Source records

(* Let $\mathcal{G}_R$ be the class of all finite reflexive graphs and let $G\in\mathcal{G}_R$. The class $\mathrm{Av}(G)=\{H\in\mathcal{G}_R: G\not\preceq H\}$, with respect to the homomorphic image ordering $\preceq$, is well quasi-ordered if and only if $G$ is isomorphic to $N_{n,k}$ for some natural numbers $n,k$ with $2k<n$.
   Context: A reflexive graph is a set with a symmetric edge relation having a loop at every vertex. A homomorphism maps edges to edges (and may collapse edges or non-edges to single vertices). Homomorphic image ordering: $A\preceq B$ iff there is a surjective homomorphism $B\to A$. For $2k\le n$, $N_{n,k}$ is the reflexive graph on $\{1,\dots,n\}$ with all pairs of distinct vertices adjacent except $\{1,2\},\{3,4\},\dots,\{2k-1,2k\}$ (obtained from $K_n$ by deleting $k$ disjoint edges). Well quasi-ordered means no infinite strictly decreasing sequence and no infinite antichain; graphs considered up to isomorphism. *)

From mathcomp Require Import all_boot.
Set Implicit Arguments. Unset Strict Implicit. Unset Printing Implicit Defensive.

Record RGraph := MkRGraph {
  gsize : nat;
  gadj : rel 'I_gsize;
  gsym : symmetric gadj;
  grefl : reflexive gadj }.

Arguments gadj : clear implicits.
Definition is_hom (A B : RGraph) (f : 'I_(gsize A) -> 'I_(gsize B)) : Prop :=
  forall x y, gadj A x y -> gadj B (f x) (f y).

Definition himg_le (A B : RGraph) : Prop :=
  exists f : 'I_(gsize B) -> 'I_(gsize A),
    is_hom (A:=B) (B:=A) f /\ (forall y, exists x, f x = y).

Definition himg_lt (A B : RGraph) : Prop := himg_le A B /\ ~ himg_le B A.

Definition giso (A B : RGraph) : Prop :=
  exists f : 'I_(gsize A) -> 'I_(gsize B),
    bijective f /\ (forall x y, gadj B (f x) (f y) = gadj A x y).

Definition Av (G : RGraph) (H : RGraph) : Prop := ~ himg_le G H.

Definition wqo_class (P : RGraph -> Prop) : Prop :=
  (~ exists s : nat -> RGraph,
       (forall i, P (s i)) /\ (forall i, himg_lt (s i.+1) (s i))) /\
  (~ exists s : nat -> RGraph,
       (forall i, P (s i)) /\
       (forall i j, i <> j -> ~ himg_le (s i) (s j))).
...
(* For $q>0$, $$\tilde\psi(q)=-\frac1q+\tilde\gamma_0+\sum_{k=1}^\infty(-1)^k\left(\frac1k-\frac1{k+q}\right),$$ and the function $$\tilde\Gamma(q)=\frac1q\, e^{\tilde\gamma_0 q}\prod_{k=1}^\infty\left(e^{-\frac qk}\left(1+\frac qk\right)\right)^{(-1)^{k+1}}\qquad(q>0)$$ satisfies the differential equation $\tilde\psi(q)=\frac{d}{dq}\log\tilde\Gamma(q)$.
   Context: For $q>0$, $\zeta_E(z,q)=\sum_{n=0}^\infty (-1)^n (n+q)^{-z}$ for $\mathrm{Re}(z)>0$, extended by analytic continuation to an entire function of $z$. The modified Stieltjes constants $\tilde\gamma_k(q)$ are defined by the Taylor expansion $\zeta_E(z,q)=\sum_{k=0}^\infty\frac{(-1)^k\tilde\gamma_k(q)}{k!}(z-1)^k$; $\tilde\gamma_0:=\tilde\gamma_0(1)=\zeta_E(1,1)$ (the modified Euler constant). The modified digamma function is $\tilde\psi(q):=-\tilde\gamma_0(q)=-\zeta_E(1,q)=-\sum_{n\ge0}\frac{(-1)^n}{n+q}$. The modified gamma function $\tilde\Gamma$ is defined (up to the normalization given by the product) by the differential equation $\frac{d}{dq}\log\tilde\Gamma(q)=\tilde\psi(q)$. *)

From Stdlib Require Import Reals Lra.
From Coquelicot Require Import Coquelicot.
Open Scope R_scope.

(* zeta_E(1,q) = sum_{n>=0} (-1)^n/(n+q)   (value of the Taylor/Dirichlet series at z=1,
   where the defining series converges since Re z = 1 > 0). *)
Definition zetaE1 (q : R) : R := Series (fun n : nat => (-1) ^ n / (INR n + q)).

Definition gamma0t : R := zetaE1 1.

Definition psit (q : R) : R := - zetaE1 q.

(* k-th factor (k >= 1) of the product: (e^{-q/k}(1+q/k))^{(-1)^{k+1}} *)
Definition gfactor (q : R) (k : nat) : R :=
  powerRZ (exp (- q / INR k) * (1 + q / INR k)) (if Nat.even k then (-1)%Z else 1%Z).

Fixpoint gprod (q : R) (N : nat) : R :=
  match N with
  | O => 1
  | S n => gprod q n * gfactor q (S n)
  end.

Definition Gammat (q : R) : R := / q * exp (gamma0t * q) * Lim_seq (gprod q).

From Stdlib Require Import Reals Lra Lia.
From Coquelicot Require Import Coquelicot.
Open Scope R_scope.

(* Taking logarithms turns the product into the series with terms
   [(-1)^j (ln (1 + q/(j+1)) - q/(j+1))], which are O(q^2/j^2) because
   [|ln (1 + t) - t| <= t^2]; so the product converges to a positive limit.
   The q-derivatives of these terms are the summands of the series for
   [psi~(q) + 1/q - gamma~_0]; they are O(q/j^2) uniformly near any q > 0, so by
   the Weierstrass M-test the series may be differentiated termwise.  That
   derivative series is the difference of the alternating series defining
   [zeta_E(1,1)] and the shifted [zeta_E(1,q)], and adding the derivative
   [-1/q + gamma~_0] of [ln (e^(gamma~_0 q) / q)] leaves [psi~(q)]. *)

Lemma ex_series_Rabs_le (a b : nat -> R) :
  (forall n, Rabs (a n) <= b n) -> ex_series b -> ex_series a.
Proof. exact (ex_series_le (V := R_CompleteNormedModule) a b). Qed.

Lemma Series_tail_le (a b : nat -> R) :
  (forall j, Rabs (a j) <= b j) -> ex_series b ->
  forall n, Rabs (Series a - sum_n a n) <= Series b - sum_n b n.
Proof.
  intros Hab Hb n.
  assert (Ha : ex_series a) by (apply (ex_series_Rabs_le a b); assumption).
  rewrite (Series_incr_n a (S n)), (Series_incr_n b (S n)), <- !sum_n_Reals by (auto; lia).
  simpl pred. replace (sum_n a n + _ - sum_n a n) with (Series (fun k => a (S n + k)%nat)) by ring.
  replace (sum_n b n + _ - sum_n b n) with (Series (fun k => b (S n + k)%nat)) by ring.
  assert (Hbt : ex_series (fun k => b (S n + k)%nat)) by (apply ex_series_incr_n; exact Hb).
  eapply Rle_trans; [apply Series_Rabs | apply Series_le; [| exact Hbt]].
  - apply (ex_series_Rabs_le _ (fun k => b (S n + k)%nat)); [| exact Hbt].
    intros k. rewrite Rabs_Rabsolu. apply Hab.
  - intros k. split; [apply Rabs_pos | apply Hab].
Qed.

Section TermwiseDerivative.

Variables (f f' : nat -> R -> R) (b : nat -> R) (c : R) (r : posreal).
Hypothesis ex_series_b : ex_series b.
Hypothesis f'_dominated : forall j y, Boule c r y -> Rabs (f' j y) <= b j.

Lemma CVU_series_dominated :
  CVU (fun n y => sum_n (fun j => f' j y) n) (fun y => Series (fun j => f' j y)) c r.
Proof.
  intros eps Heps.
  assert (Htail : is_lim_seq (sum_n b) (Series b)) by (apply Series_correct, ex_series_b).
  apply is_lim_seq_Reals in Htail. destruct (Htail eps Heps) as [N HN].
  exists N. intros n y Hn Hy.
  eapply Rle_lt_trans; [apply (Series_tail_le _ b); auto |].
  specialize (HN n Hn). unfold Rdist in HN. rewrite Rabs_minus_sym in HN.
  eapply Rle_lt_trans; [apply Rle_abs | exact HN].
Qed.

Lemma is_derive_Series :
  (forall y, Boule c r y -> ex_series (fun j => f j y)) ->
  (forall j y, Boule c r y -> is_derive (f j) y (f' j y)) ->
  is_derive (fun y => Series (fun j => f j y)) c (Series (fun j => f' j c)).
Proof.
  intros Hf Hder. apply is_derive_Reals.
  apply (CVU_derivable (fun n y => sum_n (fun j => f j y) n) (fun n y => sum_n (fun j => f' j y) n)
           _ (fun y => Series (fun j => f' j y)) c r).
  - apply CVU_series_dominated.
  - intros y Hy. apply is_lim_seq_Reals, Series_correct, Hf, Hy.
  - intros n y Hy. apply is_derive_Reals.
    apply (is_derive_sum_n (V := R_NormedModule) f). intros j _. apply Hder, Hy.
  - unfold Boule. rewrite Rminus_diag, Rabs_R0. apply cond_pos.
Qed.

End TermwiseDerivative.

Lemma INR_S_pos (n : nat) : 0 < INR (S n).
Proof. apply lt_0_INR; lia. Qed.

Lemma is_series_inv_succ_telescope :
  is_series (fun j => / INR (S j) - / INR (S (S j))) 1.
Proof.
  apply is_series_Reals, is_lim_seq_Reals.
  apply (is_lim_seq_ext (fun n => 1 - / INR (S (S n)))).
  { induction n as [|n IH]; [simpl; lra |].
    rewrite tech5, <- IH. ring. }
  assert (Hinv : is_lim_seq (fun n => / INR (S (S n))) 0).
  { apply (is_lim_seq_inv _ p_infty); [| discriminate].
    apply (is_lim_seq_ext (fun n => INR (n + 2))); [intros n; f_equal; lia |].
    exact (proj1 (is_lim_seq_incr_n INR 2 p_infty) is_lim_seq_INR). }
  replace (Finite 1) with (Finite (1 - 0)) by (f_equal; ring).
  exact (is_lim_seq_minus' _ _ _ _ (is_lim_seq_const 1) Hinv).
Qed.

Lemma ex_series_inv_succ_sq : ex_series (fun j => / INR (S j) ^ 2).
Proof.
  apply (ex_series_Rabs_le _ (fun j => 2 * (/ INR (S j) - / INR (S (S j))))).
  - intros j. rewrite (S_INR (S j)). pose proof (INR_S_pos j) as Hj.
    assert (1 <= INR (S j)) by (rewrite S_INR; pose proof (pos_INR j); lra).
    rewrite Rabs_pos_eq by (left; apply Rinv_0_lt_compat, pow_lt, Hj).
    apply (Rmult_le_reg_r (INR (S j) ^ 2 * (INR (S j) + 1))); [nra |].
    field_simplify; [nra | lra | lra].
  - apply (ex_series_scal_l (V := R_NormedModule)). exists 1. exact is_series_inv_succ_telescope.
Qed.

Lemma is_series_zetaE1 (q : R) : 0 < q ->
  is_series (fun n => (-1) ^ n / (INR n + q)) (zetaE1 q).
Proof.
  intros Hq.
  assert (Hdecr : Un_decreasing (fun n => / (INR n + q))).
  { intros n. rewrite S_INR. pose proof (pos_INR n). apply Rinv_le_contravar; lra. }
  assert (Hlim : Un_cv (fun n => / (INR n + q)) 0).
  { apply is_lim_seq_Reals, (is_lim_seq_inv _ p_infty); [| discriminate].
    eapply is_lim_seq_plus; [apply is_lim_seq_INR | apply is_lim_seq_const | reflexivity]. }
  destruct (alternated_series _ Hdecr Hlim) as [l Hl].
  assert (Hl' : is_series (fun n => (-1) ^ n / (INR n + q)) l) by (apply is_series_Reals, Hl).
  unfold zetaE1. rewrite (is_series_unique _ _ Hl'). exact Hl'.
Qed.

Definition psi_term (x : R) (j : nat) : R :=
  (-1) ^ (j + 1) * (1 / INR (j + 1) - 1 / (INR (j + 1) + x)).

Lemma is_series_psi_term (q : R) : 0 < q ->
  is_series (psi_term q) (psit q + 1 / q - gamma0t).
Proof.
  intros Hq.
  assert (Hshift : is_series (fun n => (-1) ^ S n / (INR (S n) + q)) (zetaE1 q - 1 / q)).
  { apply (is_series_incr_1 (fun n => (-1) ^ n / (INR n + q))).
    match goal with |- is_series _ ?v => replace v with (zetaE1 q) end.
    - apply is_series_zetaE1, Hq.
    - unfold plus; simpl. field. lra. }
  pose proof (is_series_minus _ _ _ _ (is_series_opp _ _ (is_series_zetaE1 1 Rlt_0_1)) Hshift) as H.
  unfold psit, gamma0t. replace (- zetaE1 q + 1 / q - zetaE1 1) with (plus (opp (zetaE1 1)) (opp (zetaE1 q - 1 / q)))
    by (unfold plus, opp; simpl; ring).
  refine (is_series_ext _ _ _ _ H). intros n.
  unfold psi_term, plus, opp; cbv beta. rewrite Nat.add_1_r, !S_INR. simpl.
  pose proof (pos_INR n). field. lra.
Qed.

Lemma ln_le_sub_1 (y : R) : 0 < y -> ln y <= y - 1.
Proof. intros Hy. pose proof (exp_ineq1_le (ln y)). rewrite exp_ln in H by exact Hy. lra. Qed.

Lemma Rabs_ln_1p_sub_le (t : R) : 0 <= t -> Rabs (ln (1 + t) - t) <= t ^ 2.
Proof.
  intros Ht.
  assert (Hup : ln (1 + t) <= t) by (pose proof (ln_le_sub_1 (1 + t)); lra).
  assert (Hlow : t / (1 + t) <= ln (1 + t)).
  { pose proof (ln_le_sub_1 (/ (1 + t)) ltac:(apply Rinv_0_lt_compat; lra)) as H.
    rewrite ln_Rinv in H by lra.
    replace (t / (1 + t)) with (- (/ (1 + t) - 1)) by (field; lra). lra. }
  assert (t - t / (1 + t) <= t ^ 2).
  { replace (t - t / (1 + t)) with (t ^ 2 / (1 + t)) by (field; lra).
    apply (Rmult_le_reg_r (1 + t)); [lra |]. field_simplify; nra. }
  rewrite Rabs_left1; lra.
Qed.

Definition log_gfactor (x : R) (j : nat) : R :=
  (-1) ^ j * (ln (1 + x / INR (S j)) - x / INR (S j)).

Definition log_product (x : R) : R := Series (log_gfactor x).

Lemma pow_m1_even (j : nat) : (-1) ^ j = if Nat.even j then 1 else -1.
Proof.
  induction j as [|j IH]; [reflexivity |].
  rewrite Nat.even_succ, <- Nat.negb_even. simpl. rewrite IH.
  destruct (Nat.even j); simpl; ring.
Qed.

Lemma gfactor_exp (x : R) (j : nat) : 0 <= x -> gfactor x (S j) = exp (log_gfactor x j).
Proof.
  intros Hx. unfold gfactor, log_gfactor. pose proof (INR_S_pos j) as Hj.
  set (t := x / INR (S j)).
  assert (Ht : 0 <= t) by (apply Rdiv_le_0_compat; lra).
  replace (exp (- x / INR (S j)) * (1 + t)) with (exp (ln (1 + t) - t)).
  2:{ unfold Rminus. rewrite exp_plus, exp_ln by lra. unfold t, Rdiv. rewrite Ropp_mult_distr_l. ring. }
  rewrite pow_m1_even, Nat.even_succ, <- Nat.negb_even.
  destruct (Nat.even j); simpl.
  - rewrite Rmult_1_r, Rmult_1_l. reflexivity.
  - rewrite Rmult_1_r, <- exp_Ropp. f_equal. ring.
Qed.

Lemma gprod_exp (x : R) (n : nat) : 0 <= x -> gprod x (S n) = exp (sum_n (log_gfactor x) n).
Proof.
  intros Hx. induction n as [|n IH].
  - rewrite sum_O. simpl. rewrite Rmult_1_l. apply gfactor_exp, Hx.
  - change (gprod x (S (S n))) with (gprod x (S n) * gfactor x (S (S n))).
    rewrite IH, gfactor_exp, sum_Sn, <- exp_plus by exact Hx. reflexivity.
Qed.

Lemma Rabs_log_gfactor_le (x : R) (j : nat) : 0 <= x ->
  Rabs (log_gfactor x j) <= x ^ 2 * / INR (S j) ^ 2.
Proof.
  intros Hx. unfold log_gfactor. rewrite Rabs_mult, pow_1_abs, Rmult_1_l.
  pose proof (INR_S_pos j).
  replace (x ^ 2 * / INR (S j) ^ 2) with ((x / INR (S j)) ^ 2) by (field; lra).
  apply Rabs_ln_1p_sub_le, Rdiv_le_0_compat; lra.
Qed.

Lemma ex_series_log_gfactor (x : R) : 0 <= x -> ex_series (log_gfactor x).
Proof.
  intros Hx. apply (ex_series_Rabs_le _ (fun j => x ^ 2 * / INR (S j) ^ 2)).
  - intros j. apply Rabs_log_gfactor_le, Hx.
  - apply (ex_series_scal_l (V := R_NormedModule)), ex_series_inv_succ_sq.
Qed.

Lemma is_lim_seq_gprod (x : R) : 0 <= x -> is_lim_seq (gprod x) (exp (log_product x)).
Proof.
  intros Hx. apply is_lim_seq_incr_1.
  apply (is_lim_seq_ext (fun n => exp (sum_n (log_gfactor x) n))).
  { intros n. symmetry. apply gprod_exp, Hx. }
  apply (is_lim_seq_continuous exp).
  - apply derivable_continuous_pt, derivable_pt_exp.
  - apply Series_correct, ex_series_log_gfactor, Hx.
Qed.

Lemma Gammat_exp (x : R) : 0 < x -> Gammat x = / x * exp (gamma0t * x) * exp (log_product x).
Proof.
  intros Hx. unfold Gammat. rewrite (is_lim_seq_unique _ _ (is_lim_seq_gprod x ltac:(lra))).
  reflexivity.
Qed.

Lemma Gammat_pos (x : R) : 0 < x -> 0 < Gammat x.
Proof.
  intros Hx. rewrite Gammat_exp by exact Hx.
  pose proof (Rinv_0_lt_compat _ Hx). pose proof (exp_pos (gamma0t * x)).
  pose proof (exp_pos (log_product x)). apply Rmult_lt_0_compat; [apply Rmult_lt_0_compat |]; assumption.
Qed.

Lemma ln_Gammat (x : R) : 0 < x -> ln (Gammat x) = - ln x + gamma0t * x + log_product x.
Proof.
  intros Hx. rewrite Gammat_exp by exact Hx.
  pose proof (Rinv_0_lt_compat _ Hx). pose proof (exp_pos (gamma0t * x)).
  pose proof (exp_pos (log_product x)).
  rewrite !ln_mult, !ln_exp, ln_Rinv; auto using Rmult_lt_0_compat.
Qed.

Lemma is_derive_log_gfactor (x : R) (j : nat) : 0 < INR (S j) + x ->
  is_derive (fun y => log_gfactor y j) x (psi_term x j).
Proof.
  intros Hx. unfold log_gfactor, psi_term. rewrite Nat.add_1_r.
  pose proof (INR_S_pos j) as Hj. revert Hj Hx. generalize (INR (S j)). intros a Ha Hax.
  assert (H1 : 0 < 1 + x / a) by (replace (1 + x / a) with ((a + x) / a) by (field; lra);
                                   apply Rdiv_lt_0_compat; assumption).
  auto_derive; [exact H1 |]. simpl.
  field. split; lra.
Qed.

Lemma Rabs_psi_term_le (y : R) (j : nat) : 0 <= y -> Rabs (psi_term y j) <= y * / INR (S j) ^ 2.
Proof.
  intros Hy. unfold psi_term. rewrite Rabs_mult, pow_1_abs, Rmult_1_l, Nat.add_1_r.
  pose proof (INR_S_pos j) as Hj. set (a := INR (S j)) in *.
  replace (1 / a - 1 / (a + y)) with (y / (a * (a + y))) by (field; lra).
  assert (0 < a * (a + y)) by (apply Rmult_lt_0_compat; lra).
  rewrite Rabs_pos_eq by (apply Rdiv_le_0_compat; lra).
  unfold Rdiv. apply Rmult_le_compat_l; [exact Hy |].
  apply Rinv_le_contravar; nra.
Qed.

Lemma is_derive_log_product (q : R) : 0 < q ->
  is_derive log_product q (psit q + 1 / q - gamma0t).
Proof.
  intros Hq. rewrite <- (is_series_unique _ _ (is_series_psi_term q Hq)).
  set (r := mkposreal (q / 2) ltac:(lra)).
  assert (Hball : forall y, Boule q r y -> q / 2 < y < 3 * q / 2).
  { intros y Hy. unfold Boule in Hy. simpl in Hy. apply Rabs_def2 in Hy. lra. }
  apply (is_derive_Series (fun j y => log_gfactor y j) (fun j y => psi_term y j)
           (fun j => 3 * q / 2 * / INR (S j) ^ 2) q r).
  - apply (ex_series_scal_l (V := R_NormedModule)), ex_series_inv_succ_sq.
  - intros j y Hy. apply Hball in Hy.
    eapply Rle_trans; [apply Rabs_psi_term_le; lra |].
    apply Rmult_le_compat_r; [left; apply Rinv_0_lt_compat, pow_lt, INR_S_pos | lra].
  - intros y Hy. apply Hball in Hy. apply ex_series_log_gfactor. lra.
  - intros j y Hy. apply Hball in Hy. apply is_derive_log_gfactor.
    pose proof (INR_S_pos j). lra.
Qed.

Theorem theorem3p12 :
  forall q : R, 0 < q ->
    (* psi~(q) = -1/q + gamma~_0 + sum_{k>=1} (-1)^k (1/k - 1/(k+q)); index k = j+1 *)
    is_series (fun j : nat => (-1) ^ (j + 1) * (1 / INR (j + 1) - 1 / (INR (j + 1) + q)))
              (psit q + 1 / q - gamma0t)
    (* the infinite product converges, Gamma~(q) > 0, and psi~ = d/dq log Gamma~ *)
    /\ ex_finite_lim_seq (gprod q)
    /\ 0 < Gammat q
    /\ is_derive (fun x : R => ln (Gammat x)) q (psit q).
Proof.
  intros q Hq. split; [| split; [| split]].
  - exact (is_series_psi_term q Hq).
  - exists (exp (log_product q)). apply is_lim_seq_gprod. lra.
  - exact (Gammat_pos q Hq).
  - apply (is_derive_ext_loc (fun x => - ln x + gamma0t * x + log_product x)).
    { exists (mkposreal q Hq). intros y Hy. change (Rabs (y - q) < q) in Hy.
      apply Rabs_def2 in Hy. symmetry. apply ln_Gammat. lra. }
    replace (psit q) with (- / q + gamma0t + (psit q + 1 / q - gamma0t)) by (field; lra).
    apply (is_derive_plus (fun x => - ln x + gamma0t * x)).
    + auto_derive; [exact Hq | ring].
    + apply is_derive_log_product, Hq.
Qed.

_PROBLEM DETAILS_
Nothing but the lines above from the one containing "Arguments gadj : clear implicits." through the one containing "(forall i j, i" should appear in the answer, each repeated exactly.

_RESPONSE TO THE EXERCISE_
Arguments gadj : clear implicits.
Definition is_hom (A B : RGraph) (f : 'I_(gsize A) -> 'I_(gsize B)) : Prop :=
  forall x y, gadj A x y -> gadj B (f x) (f y).

Definition himg_le (A B : RGraph) : Prop :=
  exists f : 'I_(gsize B) -> 'I_(gsize A),
    is_hom (A:=B) (B:=A) f /\ (forall y, exists x, f x = y).

Definition himg_lt (A B : RGraph) : Prop := himg_le A B /\ ~ himg_le B A.

Definition giso (A B : RGraph) : Prop :=
  exists f : 'I_(gsize A) -> 'I_(gsize B),
    bijective f /\ (forall x y, gadj B (f x) (f y) = gadj A x y).

Definition Av (G : RGraph) (H : RGraph) : Prop := ~ himg_le G H.

Definition wqo_class (P : RGraph -> Prop) : Prop :=
  (~ exists s : nat -> RGraph,
       (forall i, P (s i)) /\ (forall i, himg_lt (s i.+1) (s i))) /\
  (~ exists s : nat -> RGraph,
       (forall i, P (s i)) /\
       (forall i j, i <> j -> ~ himg_le (s i) (s j))).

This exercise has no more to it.